(Description of the task):
Retype, word for word, each line between the lines holding "by apply: subset_eq_compat;" and "have rGi1 : \rank", inclusive, and leave the rest of the data alone.

________________________

(* Let $(\pi_r)_{r\in\mathbb{N}}$ be periods with $\pi_r\ge2$ for all $r$, and let $(K_t)_{t\in\mathbb{N}}$ be the multiperiodic process with periods $(\pi_r)$. For $T\in\mathbb{N}$ define the random set of types $\mathcal{N}_T:=\{K_1,\dots,K_T\}\cap\mathbb{N}$, and the deterministic sets $$\mathcal{A}_T:=\{r\in\mathbb{N}:\bar w_r\le T\},\qquad \mathcal{B}_T:=\{r\in\mathbb{N}:P(K_1=r)\ge 1/T\},$$ where $\bar w_r:=v_1$ with $v_r:=\pi_r$ and $v_i:=v_{i+1}\pi_i/(\pi_i-1)+1$ for $i=r-1,\dots,1$. Then $$\operatorname{card}\mathcal{A}_T\le \mathbb{E}\operatorname{card}\mathcal{N}_T\le \operatorname{card}\mathcal{B}_T+T\,P(K_1\notin\mathcal{B}_T).$$
   Context: $\mathbb{N}=\{1,2,3,\dots\}$. Multiperiodic sequence with periods $\pi_r\in\mathbb{N}$ and seeds $\sigma_r\in\{1,\dots,\pi_r\}$: the sequence $(k_t)_{t\in\mathbb{N}}$ with values in $\mathbb{N}\cup\{\infty\}$ such that for each $r$, the subsequence obtained from $(k_t)$ by deleting all tokens $k_t<r$, denoted $(k^{(r)}_t)_{t\in\mathbb{N}}$, satisfies $k^{(r)}_t=r\iff t\equiv\sigma_r\pmod{\pi_r}$; entries left undefined for all $r$ are set to $\infty$. Equivalently: clocks $\phi_r$ start at $\sigma_r$; for each token, scan $r=1,2,\dots$, decrementing each clock with $\phi_r>1$, until the first $r$ with $\phi_r=1$, output that $r$ and reset $\phi_r=\pi_r$. The multiperiodic process with periods $(\pi_r)$ is the random multiperiodic sequence with these periods and independent random seeds $\Sigma_r$ uniformly distributed on $\{1,\dots,\pi_r\}$; it is stationary, so $P(K_t=r)$ does not depend on $t$. *)

From HB Require Import structures.
From mathcomp Require Import all_boot all_order all_algebra.
From mathcomp Require Import all_classical all_reals all_analysis.
Set Implicit Arguments. Unset Strict Implicit. Unset Printing Implicit Defensive.
Import Order.TTheory GRing.Theory Num.Theory.
Local Open Scope ring_scope.

(* Types are indexed by r >= 1 (nat index 0 is unused); clocks are
   functions phi : nat -> nat, phi r = current value of clock r. *)

(* One scan of the clock algorithm restricted to clocks r, r+1, ..., r+fuel-1.
   Returns the output type (0 if no clock in that range rings) and the
   updated clocks. *)
Fixpoint scan (pi phi : nat -> nat) (r fuel : nat) : nat * (nat -> nat) :=
  match fuel with
  | 0 => (0%N, phi)
  | fuel'.+1 =>
      if phi r == 1%N then (r, fun j => if j == r then pi r else phi j)
      else scan pi (fun j => if j == r then (phi r).-1 else phi j) r.+1 fuel'
  end.
Lemma lam_eq0 k : (n <= k)%N -> lam k = 0%N.
Proof.
move=> le_nk; apply/eqP; rewrite -leqn0 (leq_trans (lam_le le_nk)) // leqNgt.
apply/negP => lam_n_gt0.
have : (n.+1 <= \sum_(k < n.+1) lam k)%N.
  rewrite -[X in (X <= _)%N]card_ord -sum1_card leq_sum // => i _.
  by apply: leq_trans lam_n_gt0 (lam_le _); rewrite -ltnS.
by rewrite JF_N ltnNge rank_leq_col.
Qed.

Lemma mu_eq0 k : (n <= k)%N -> mu k = 0%N.
Proof. by move=> le_nk; have := lam_eq0 le_nk; have := strip k; lia. Qed.

Lemma rank_kermx_cap_im j : \rank (kermx (N ^+ j) :&: N) = (\sum_(k < j) lam k.+1)%N.
Proof.
have := rank_ker_cap_im N j; rewrite rank_kermx -!JF_N big_ord_recl.
by move/eqP; rewrite addnC eqn_add2l => /eqP.
Qed.

Lemma rank_kflag j : \rank (kflag N j) = (n - lam j)%N.
Proof.
have := mxrank_sum_cap (kermx (N ^+ j)) N; rewrite rank_kermx_cap_im -JF_N rank_im.
have := sum_ord_shift lam j; have := lam_le (leq0n j); have := lam0_le; rewrite /kflag; lia.
Qed.

Lemma flag_rank_add_corank j :
  (flag_rank n lam mu j + flag_corank lam mu j)%N = (n - lam j)%N.
Proof.
elim: j => [|j IH]; first by rewrite /flag_rank /flag_corank !big_ord0; lia.
rewrite flag_rankS /flag_corank (sum_ord_recr (fun k => lam k - mu k)%N).
rewrite /flag_corank in IH.
have := strip j; have := lam_le (leq0n j); have := lam0_le; lia.
Qed.

Lemma rank_cap_kflagE (V : 'M[F]_n) j : (N <= V)%MS ->
  \rank (V :&: kflag N j) = flag_rank n lam mu j <->
  \rank (V :&: kermx (N ^+ j)) = (\sum_(k < j) mu k)%N.
Proof.
move=> sNV; have := mxrank_modular (kermx (N ^+ j)) sNV.
rewrite rank_kermx_cap_im rank_im -/(kflag N j).
suff : (flag_rank n lam mu j + \sum_(k < j) lam k.+1 = \sum_(k < j) mu k + (n - lam 0))%N.
  by lia.
elim: j => [|j IH]; first by rewrite /flag_rank !big_ord0; lia.
rewrite flag_rankS (sum_ord_recr mu) (sum_ord_recr (fun k => lam k.+1)).
by have := strip j; lia.
Qed.

Lemma kermx_exp_stable i : (n <= i)%N -> (kermx (N ^+ i) :=: kermx (N ^+ n))%MS.
Proof.
move=> le_ni; apply/eqmx_sym/eqmxP.
by rewrite -(mxrank_leqif_eq (kermx_expS N le_ni)).2 -!JF_N (sum_ord_eq0 lam_eq0 le_ni).
Qed.

Lemma flag_ranks0_im : flag_ranks N lam mu 0 <<N>>%MS.
Proof.
split; first by rewrite /is_subspace genmx_id.
split; [by rewrite genmxE im_sub_kflag | by rewrite genmxE |].
move=> j; rewrite leqn0 => /eqP ->; rewrite /flag_rank big_ord0 addn0 -rank_im.
apply/eqmx_rank/eqmxP; apply: eqmx_trans (genmxE _).
by apply/capmx_idPl; rewrite genmxE im_sub_kflag.
Qed.

Lemma flag_ranks0_eq V : flag_ranks N lam mu 0 V -> V = <<N>>%MS.
Proof.
move=> fV; have [/eqP gV [_ sNV _]] := fV; rewrite -gV; apply/genmxP/eqmxP/eqmx_sym/eqmxP.
by rewrite -(mxrank_leqif_eq sNV).2 (flag_ranks_rank fV) /flag_rank big_ord0 addn0 rank_im.
Qed.

Lemma equipotent_flag_ranks i :
  equipotent {V | flag_ranks N lam mu i V} (forall j : 'I_i, step_factor F lam mu j).
Proof.
elim: i => [|i IH].
  apply/equipotent_sym/(@equipotent_pi_ord0 _ _ (exist _ _ flag_ranks0_im)) => -[V fV].
  by apply: subset_eq_compat; apply: flag_ranks0_eq.
have rGi : \rank (kflag N i) = (flag_rank n lam mu i + flag_corank lam mu i)%N.
  by rewrite rank_kflag flag_rank_add_corank.
have rGi1 : \rank (kflag N i.+1) =
    (flag_rank n lam mu i + flag_corank lam mu i + (lam i - lam i.+1))%N.
  rewrite rank_kflag flag_rank_add_corank.
  by have := lam_dec i; have := lam_le (leq0n i); have := lam0_le; lia.
apply: equipotent_trans (equipotent_flag_ranksS rGi rGi1) _.
apply: equipotent_trans _ (equipotent_sym (equipotent_pi_last i (step_factor F lam mu))).
exact: equipotent_prod IH (equipotent_refl _).
Qed.

Lemma flag_ranks_nE V : flag_ranks N lam mu n V <->
  is_subspace V /\ (N <= V)%MS /\ JF_restr N V mu.
Proof.
split.
  case=> sV [_ sNV rV]; split=> //; split=> // i.
  have [le_in | lt_ni] := leqP i n; first by apply/esym/(rank_cap_kflagE _ sNV)/rV.
  rewrite (sum_ord_eq0 mu_eq0 (ltnW lt_ni)).
  rewrite (cap_eqmx (eqmx_refl V) (kermx_exp_stable (ltnW lt_ni))).
  exact/esym/(rank_cap_kflagE _ sNV)/rV.
case=> sV [sNV JF_V]; split=> //; split=> //.
  by apply: submx_full; rewrite /row_full rank_kflag lam_eq0 ?subn0.
by move=> j _; apply/(rank_cap_kflagE _ sNV).
Qed.

End JordanType.

Lemma equipotent_step_factors (F : fieldType) n (lam mu : nat -> nat) :
  equipotent (forall j : 'I_n, step_factor F lam mu j) (ProdSet F n lam mu).
Proof.
apply: equipotent_trans (equipotent_pi_prod _ _) _.
apply: equipotent_trans (equipotent_prodC _ _) _.
apply: equipotent_prod; last exact: equipotent_refl.
exact: (equipotent_rV_triangle F n (fun k => lam k - mu k)%N (fun i => mu i - lam i.+1)%N).
Qed.

Theorem lemma5p7 (F : fieldType) (n : nat) (lam mu : nat -> nat) (N : 'M[F]_n)
  (hlam : is_partition lam) (hmu : is_partition mu)
  (hstrip : forall i : nat, (lam i.+1 <= mu i <= lam i)%N)
  (hnil : exists k : nat, N ^+ k = 0)
  (hJF : JF N lam) :
  exists f : SubspSet N mu -> ProdSet F n lam mu, bijective f.
Proof.
(* hmu and hnil follow from the other hypotheses. *)
have [lam_dec _] := hlam.
apply: equipotent_trans _ (equipotent_step_factors F n lam mu).
apply: equipotent_trans _ (equipotent_flag_ranks lam_dec hstrip hJF n).
exact/equipotent_sym/equipotent_sig_iff/(flag_ranks_nE lam_dec hstrip hJF).
Qed.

________________________

(Written answer):
  by apply: subset_eq_compat; apply: flag_ranks0_eq.
have rGi : \rank (kflag N i) = (flag_rank n lam mu i + flag_corank lam mu i)%N.
  by rewrite rank_kflag flag_rank_add_corank.
have rGi1 : \rank (kflag N i.+1) =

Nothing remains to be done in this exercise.